FIG. 3 shows an example flow diagram of an access decision system according to the present invention. Although the system may be configured as an on-demand process, the flow is shown as a continuous loop 310-360. At 310, the network is typically detected via reception of a pilot signal transmitted from the network. Alternatively, the system may be configured to send a “prompt” signal. The network is configured to respond to the signal. At 320, the identifier of the network, determined from the detected transmission of the network, is compared with the previous identifier of the detected network to determine whether the network has already been done. If a network has already been detected, the process returns to 310 to detect another transmission.

  In accordance with the present invention, at 330, the system is configured to determine whether a newly detected network is encrypted. If not encrypted, at 360, the process is operated in accordance with a conventional network detection system by simply notifying the user that the network is accessible. If the network is determined to be encrypted at 330, the network identifier is compared at 340 with registration in the network profile so that the user is required to establish communication with the network. It is determined whether parameters (configuration parameters), in particular security parameters, are recorded.

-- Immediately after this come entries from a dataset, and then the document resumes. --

Theorem proposition5 :
  exists c : nat,
  forall (d : Order.disp_t) (T : orderType d) (y : seq T),
    0 < size y ->
    exists k : nat,
      [/\ k <= c * size y,
          (forall k', k' < k -> ~~ lst_halted (size y) (lst_iter (letter_cmp y) k')),
          lst_halted (size y) (lst_iter (letter_cmp y) k) &
          forall j, j < size y ->
            st_lyns (lst_iter (letter_cmp y) k) j
            = longest_lyndon_suffix (take j.+1 y)].
Proof.
exists 2 => d T [|x0 y'] // _; set y := x0 :: y'.
have [[k [Hk Hhalt Hfirst]]|Hnever] :=
  first_hit (fun k => lst_halted (size y) (lst_iter (letter_cmp y) k)) (2 * size y).
- have [Hinv _] := run_invariant Hfirst.
  exists k; split => // j Hj; apply: (inv_table Hinv).
  by move: Hhalt; rewrite -/y /lst_halted leEnat; lia.
- have [Hinv Hk] := run_invariant (k := 2 * size y) (fun k' Hk' => Hnever k' (ltnW Hk')).
  by move: Hk (invariant_measure Hinv); rewrite -/y; lia.
Qed.
Inductive free (x : nat) : term -> Prop :=
| fr_InT t s : free x s -> free x (InT t s)
| fr_OutT t s : free x s -> free x (OutT t s)
| fr_OutC1 m s : free x m -> free x (OutC m s)
| fr_OutC2 m s : free x s -> free x (OutC m s)
| fr_InC1 m s : free x m -> free x (InC m s)
| fr_InC2 m s : free x s -> free x (InC m s)
| fr_Ext bs l s : In (l, s) bs -> free x s -> free x (Ext bs)
| fr_Int bs l s : In (l, s) bs -> free x s -> free x (Int bs)
| fr_Mu y s : x <> y -> free x s -> free x (Mu y s)
| fr_Var : free x (Var x).

Definition closed (s : term) : Prop := forall x, ~ free x s.

Fixpoint unguarded (x : nat) (s : term) : Prop :=
  match s with
  | Var y => x = y
  | Mu y s' => x <> y /\ unguarded x s'
  | _ => False
  end.

Inductive guarded : term -> Prop :=
| g_One : guarded One
| g_Var x : guarded (Var x)
| g_InT t s : guarded s -> guarded (InT t s)
| g_OutT t s : guarded s -> guarded (OutT t s)
| g_OutC m s : guarded m -> guarded s -> guarded (OutC m s)
| g_InC m s : guarded m -> guarded s -> guarded (InC m s)
| g_Ext bs : (forall l s, In (l, s) bs -> guarded s) -> guarded (Ext bs)
| g_Int bs : (forall l s, In (l, s) bs -> guarded s) -> guarded (Int bs)
| g_Mu x s : guarded s -> ~ unguarded x s -> guarded (Mu x s).

Inductive wf : term -> Prop :=
| w_One : wf One
| w_Var x : wf (Var x)
| w_InT t s : wf s -> wf (InT t s)
| w_OutT t s : wf s -> wf (OutT t s)
| w_OutC m s : wf m -> wf s -> wf (OutC m s)
| w_InC m s : wf m -> wf s -> wf (InC m s)
| w_Ext bs : bs <> [] -> NoDup (map fst bs) ->
    (forall l s, In (l, s) bs -> wf s) -> wf (Ext bs)
| w_Int bs : bs <> [] -> NoDup (map fst bs) ->
    (forall l s, In (l, s) bs -> wf s) -> wf (Int bs)
| w_Mu x s : wf s -> wf (Mu x s).

Definition SC (s : term) : Prop := wf s /\ closed s /\ guarded s.

Inductive act : Type :=
| aCheck | aTau
| aInT (t : BT) | aOutT (t : BT)
| aInC (m : term) | aOutC (m : term)
| aInL (l : L) | aOutL (l : L).

Inductive step : term -> act -> term -> Prop :=
| st_One : step One aCheck One
| st_InT t s : step (InT t s) (aInT t) s
| st_OutT t s : step (OutT t s) (aOutT t) s
| st_InC m s : step (InC m s) (aInC m) s
| st_OutC m s : step (OutC m s) (aOutC m) s
| st_OutL l s : step (Int [(l, s)]) (aOutL l) s
| st_IntTau bs l s : 1 < length bs -> In (l, s) bs -> step (Int bs) aTau (Int [(l, s)])
| st_Ext bs l s : In (l, s) bs -> step (Ext bs) (aInL l) s
| st_Mu x s : step (Mu x s) aTau (subst (Mu x s) x s).

Definition compat (leb : BT -> BT -> Prop) (B : term -> term -> Prop)
  (a1 a2 : act) : Prop :=
  match a1, a2 with
  | aOutL l1, aInL l2 => l1 = l2
  | aInL l1, aOutL l2 => l1 = l2
  | aOutT t1, aInT t2 => leb t1 t2
  | aInT t1, aOutT t2 => leb t2 t1
  | aOutC s1, aInC s2 => B s1 s2
  | aInC s1, aOutC s2 => B s2 s1
  | _, _ => False
  end.

Inductive sys_tau (leb : BT -> BT -> Prop) (B : term -> term -> Prop)
  : term -> term -> term -> term -> Prop :=
| sy_l r r' s : step r aTau r' -> sys_tau leb B r s r' s
| sy_r r s s' : step s aTau s' -> sys_tau leb B r s r s'
| sy_sync r r' s s' a1 a2 :
    step r a1 r' -> step s a2 s' -> compat leb B a1 a2 -> sys_tau leb B r s r' s'.

Definition compliance_rel (leb : BT -> BT -> Prop) (B : term -> term -> Prop)
  (R : term -> term -> Prop) : Prop :=
  forall r s, R r s ->
    ((forall r' s', ~ sys_tau leb B r s r' s') ->
        (exists r1, step r aCheck r1) /\ (exists s1, step s aCheck s1)) /\
    (forall r' s', sys_tau leb B r s r' s' -> R r' s').

(* rho -|_B sigma : the greatest compliance relation *)
Definition complies (leb : BT -> BT -> Prop) (B : term -> term -> Prop)
  (r s : term) : Prop :=
  exists R, compliance_rel leb B R /\ R r s.

Fixpoint dual (s : term) : term :=
  match s with
  | One => One
  | Var x => Var x
  | Mu x s' => Mu x (dual s')
  | InT t s' => OutT t (dual s')
  | OutT t s' => InT t (dual s')
  | InC m s' => OutC m (dual s')
  | OutC m s' => InC m (dual s')
  | Ext bs => Int (map (fun p => (fst p, dual (snd p))) bs)
  | Int bs => Ext (map (fun p => (fst p, dual (snd p))) bs)
  end.

Inductive mclosed : term -> Prop :=
| mc_One : mclosed One
| mc_Var x : mclosed (Var x)
| mc_Mu x s : mclosed s -> mclosed (Mu x s)
| mc_OutC m s : closed m -> mclosed s -> mclosed (OutC m s)
| mc_InC m s : closed m -> mclosed s -> mclosed (InC m s)
| mc_InT t s : mclosed s -> mclosed (InT t s)
| mc_OutT t s : mclosed s -> mclosed (OutT t s)
| mc_Ext bs : (forall l s, In (l, s) bs -> mclosed s) -> mclosed (Ext bs)
| mc_Int bs : (forall l s, In (l, s) bs -> mclosed s) -> mclosed (Int bs).

End Contracts.

Arguments One {BT L}.
Arguments Var {BT L}.

(* A term and its dual offer exactly complementary actions, so [rho || dual rho]
   can always synchronise (using only reflexivity of [leb] and of [B] on [SC]),
   and after a synchronisation the two sides are again [k] and [dual k] for the
   common continuation [k].  Two things break this exact symmetry, and the
   compliance relation [dual_pair] absorbs both: each side unfolds its
   recursions independently (so the sides may sit at different points of the
   same unfolding chain), and an internal choice may commit to a branch before
   synchronising.  M-closedness is what makes duality commute with unfolding:
   [dual] leaves messages untouched, so unfolding must leave them untouched too. *)
From Stdlib Require Import List Lia Arith Relations.
Import ListNotations.
Set Implicit Arguments.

  At 340, if a network identifier is found in the network profile, at 350, configuration parameters such as the name of the file containing the security key are determined from the contents of the network profile and at 360, the user can access the network. Be notified. If the network identifier is not found in the network profile at 340, either of two options may be used. As indicated by a solid arrow from 340, at 360, the process is in effect due to the lack of proper configuration information, although the network is brought within range of the receiving device. It may be configured to report inaccessibility. Alternatively, as indicated by the dashed arrow from 340, the process may be configured to shorten loops 310-360 by branching back to 310 and returning directly. As a result, each inaccessible network is effectively ignored by not reporting the presence of such a network to the user.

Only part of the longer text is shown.